救える道が閉ざされたのなら、せめて苦しまぬように、できる限りの手を尽くしたい。
おれが王冠を手にするとき、引き換えに、パトリアルスの命運を他の誰かに委ねざるを得なくなるのだけは、断じて避けたい。
最後くらいは血を分けた兄弟でありたいのだ)
長い長い思案の結果。
ジークシルトは、目指すべき着地点をついに発見した。
会議は依然として、第六代王太子の早期戴冠を前提として進んでいる。
王が全ての指揮をとらねば、宮廷は指一本たりとも動かせない。
その事情が、臣下らを「どうやって王太子を納得させるか」に向かわせている。
彼らも、ジークシルトの気性はよく知っている。
内心で未だにパトリアルスへ温情をかけたい、助命は断念したが、可能な限りの安楽な最期を与えたいと考えている。とまでは洞察が及ばなくとも、戦争からあっさり手を引く性格ではない事は、全員が同一に思うところなのだった。

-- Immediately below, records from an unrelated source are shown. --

(* Removing the block {x, y} is a bijection from the pairings of S containing
   it onto the pairings of S minus {x, y}. *)
Lemma pairings_with_block (S : {set T}) x y : x \in S -> y \in S :\ x ->
  \sum_(P | is_pairing S P && (pblock P x == [set x; y])) \prod_(B in P) f B =
  f [set x; y] * pairing_sum (S :\: [set x; y]).
Proof.
move=> xS yS; set B0 := [set x; y].
have xy : x != y by move: yS; rewrite !inE eq_sym => /andP[].
have xB0 : x \in B0 by rewrite !inE eqxx.
have B0S : B0 \subset S.
  by apply/subsetP=> z; rewrite !inE => /orP[]/eqP-> //; case/setD1P: yS.
rewrite /pairing_sum mulr_sumr.
rewrite (reindex_onto (fun P' => B0 |: P') (fun P => P :\ B0)) /=; last first.
  move=> P /andP[pP /eqP Px].
  by rewrite setD1K // -Px pblock_mem // (cover_partition (proj1 (andP pP))).
apply: eq_big => P'.
  apply/idP/idP.
    case/andP=> /andP[/andP[pP c2] _] /eqP <-.
    rewrite /is_pairing partitionD1 //= ?setU11 //.
    by apply/forall_inP=> B /setD1P[_ BP]; exact: (forall_inP c2).
  case/andP=> pP c2.
  have xnc : x \notin cover P' by rewrite (cover_partition pP) in_setD xB0.
  have nB0 : B0 \notin P' by apply: contra xnc => h; apply/bigcupP; exists B0.
  have pU : partition (B0 |: P') S.
    rewrite -(setID S B0) (setIidPr B0S); apply: partitionU1 => //.
      by apply/set0Pn; exists x.
    by rewrite disjoints_subset setCD subsetUr.
  rewrite /is_pairing pU /= setU1K // eqxx andbT.
  rewrite (def_pblock (partition_trivIset pU) (setU11 _ _) xB0) eqxx andbT.
  apply/forall_inP=> B /setU1P[->|BP]; first by rewrite cards2 xy.
  exact: (forall_inP c2).
move=> /andP[/andP[/andP[pP _] _] /eqP e].
by rewrite big_setU1 //= -e setD11.
Qed.
(* Suppose $f$ is continuously differentiable with $\nabla f$ Lipschitz continuous with constant $L_{\nabla f}$. Let $\boldsymbol{x}^0\in\mathcal{C}$, $p\le n$, $\boldsymbol{D}\in\mathbb{R}^{n\times p}$ of full column rank with QR-factorization $\boldsymbol{D}=\boldsymbol{Q}\boldsymbol{R}$, $\boldsymbol{R}=[\boldsymbol{r}_1\cdots\boldsymbol{r}_p]$, $\overline{\mathrm{diam}}(\boldsymbol{R})=\max_{1\le i\le p}\|\boldsymbol{r}_i\|$ and $\widehat{\boldsymbol{R}}=\boldsymbol{R}/\overline{\mathrm{diam}}(\boldsymbol{R})$. Then for all $\widehat{\boldsymbol{s}}\in\boldsymbol{Q}^\top(\mathcal{C}-\boldsymbol{x}^0)$ with $\|\widehat{\boldsymbol{s}}\|\le\overline{\mathrm{diam}}(\boldsymbol{R})$, $$\max_{\substack{\boldsymbol{d}\in\boldsymbol{Q}^\top(\mathcal{C}-\boldsymbol{x}^0)\\\|\boldsymbol{d}\|\le1}}\left|\left(\boldsymbol{Q}^\top\nabla f(\boldsymbol{x}^0+\boldsymbol{Q}\widehat{\boldsymbol{s}})-\nabla\widehat m(\widehat{\boldsymbol{s}})\right)^\top\boldsymbol{d}\right|\le\left(\tfrac12L_{\nabla f}\left(2+\sqrt{p}\,\|\widehat{\boldsymbol{R}}^{-1}\|_{\boldsymbol{x}^0,\mathcal{C},\boldsymbol{D}}\right)\right)\overline{\mathrm{diam}}(\boldsymbol{R})$$ and $$\left|f(\boldsymbol{x}^0+\boldsymbol{Q}\widehat{\boldsymbol{s}})-\widehat m(\widehat{\boldsymbol{s}})\right|\le\left(\tfrac12L_{\nabla f}\left(1+\sqrt{p}\,\|\widehat{\boldsymbol{R}}^{-1}\|_{\boldsymbol{x}^0,\mathcal{C},\boldsymbol{D}}\right)\right)\overline{\mathrm{diam}}(\boldsymbol{R})^2.$$ In particular, $\widehat m$ belongs to a class of $(\mathcal{C},\boldsymbol{Q})$-fully linear models of $f$ at $\boldsymbol{x}^0$ parametrized by $\overline{\mathrm{diam}}(\boldsymbol{R})$, with constants $\kappa_{ef}=\frac12L_{\nabla f}(1+\sqrt{p}\|\widehat{\boldsymbol{R}}^{-1}\|_{\boldsymbol{x}^0,\mathcal{C},\boldsymbol{D}})$ and $\kappa_{eg}=\frac12L_{\nabla f}(2+\sqrt{p}\|\widehat{\boldsymbol{R}}^{-1}\|_{\boldsymbol{x}^0,\mathcal{C},\boldsymbol{D}})$.
   Context: $f:\mathbb{R}^n\to\mathbb{R}$ and $\mathcal{C}\subseteq\mathbb{R}^n$ is closed, convex, with nonempty interior. $\|\cdot\|$ is the Euclidean norm for vectors and spectral norm for matrices. QR-factorization $\boldsymbol{D}=\boldsymbol{Q}\boldsymbol{R}$: $\boldsymbol{Q}\in\mathbb{R}^{n\times p}$ with orthonormal columns, $\boldsymbol{R}\in\mathbb{R}^{p\times p}$ (invertible since $\boldsymbol{D}$ has full column rank). $\boldsymbol{Q}^\top(\mathcal{C}-\boldsymbol{x})=\{\boldsymbol{Q}^\top(\boldsymbol{z}-\boldsymbol{x}):\boldsymbol{z}\in\mathcal{C}\}$. Let $\widehat f(\widehat{\boldsymbol{s}})=f(\boldsymbol{x}^0+\boldsymbol{Q}\widehat{\boldsymbol{s}})$ and $\widehat m(\widehat{\boldsymbol{s}})=\widehat f(\boldsymbol{0}_p)+\nabla_S\widehat f(\boldsymbol{0}_p;\boldsymbol{R})^\top\widehat{\boldsymbol{s}}$, where the generalized simplex gradient is $\nabla_S\widehat f(\boldsymbol{0}_p;\boldsymbol{R})=(\boldsymbol{R}^\top)^\dagger\boldsymbol{\delta}$ with $\boldsymbol{\delta}_i=\widehat f(\boldsymbol{r}_i)-\widehat f(\boldsymbol{0}_p)$ and $\dagger$ the Moore–Penrose pseudoinverse. Geometry measure: for $\boldsymbol{M}\in\mathbb{R}^{m\times p}$, $\|\boldsymbol{M}\|_{\boldsymbol{x}^0,\mathcal{C},\boldsymbol{D}}=\frac{1}{\min\{\overline{\mathrm{diam}}(\boldsymbol{R}),1\}}\max\{\|\boldsymbol{M}\boldsymbol{w}\|:\boldsymbol{w}\in\boldsymbol{Q}^\top(\mathcal{C}-\boldsymbol{x}^0),\ \|\boldsymbol{w}\|\le\min\{\overline{\mathrm{diam}}(\boldsymbol{R}),1\}\}$. Definition: given $\overline\Delta>0$, $\boldsymbol{x}\in\mathcal{C}$, continuously differentiable $f$ and $\boldsymbol{Q}\in\mathbb{R}^{n\times p}$ with orthonormal columns, a family $\{\widehat m_\Delta:\mathbb{R}^p\to\mathbb{R}\}_{\Delta\in(0,\overline\Delta]}$ is a class of $(\mathcal{C},\boldsymbol{Q})$-fully linear models of $f$ at $\boldsymbol{x}$ parameterized by $\Delta$ if there exist $\kappa_{ef},\kappa_{eg}>0$ such that for all $\Delta\in(0,\overline\Delta]$ and $\widehat{\boldsymbol{s}}\in\boldsymbol{Q}^\top(\mathcal{C}-\boldsymbol{x})$ with $\|\widehat{\boldsymbol{s}}\|\le\Delta$: $|f(\boldsymbol{x}+\boldsymbol{Q}\widehat{\boldsymbol{s}})-\widehat m_\Delta(\widehat{\boldsymbol{s}})|\le\kappa_{ef}\Delta^2$ and $\max_{\boldsymbol{d}\in\boldsymbol{Q}^\top(\mathcal{C}-\boldsymbol{x}),\|\boldsymbol{d}\|\le1}|(\boldsymbol{Q}^\top\nabla f(\boldsymbol{x}+\boldsymbol{Q}\widehat{\boldsymbol{s}})-\nabla\widehat m_\Delta(\widehat{\boldsymbol{s}}))^\top\boldsymbol{d}|\le\kappa_{eg}\Delta$. *)

From HB Require Import structures.
From mathcomp Require Import all_boot all_order all_algebra.
From mathcomp Require Import all_classical all_reals all_analysis.
Set Implicit Arguments. Unset Strict Implicit. Unset Printing Implicit Defensive.
Import Order.TTheory GRing.Theory Num.Theory.
Import numFieldNormedType.Exports.
Local Open Scope classical_set_scope.
Local Open Scope ring_scope.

「殿下が登極あそばされたみぎり、対グライアス戦争を臣下にお任せくださるであろうか」
みな、口に出さないが、懐疑的な気分で会議に臨んでいる。
もちろん、臣下の立場として、国王を快く前線に送り出せるはずはない。
妃はまだ懐妊にいたっておらず、仮にそうなったとしても、産声をあげるまでは男女の別はつけられないのである。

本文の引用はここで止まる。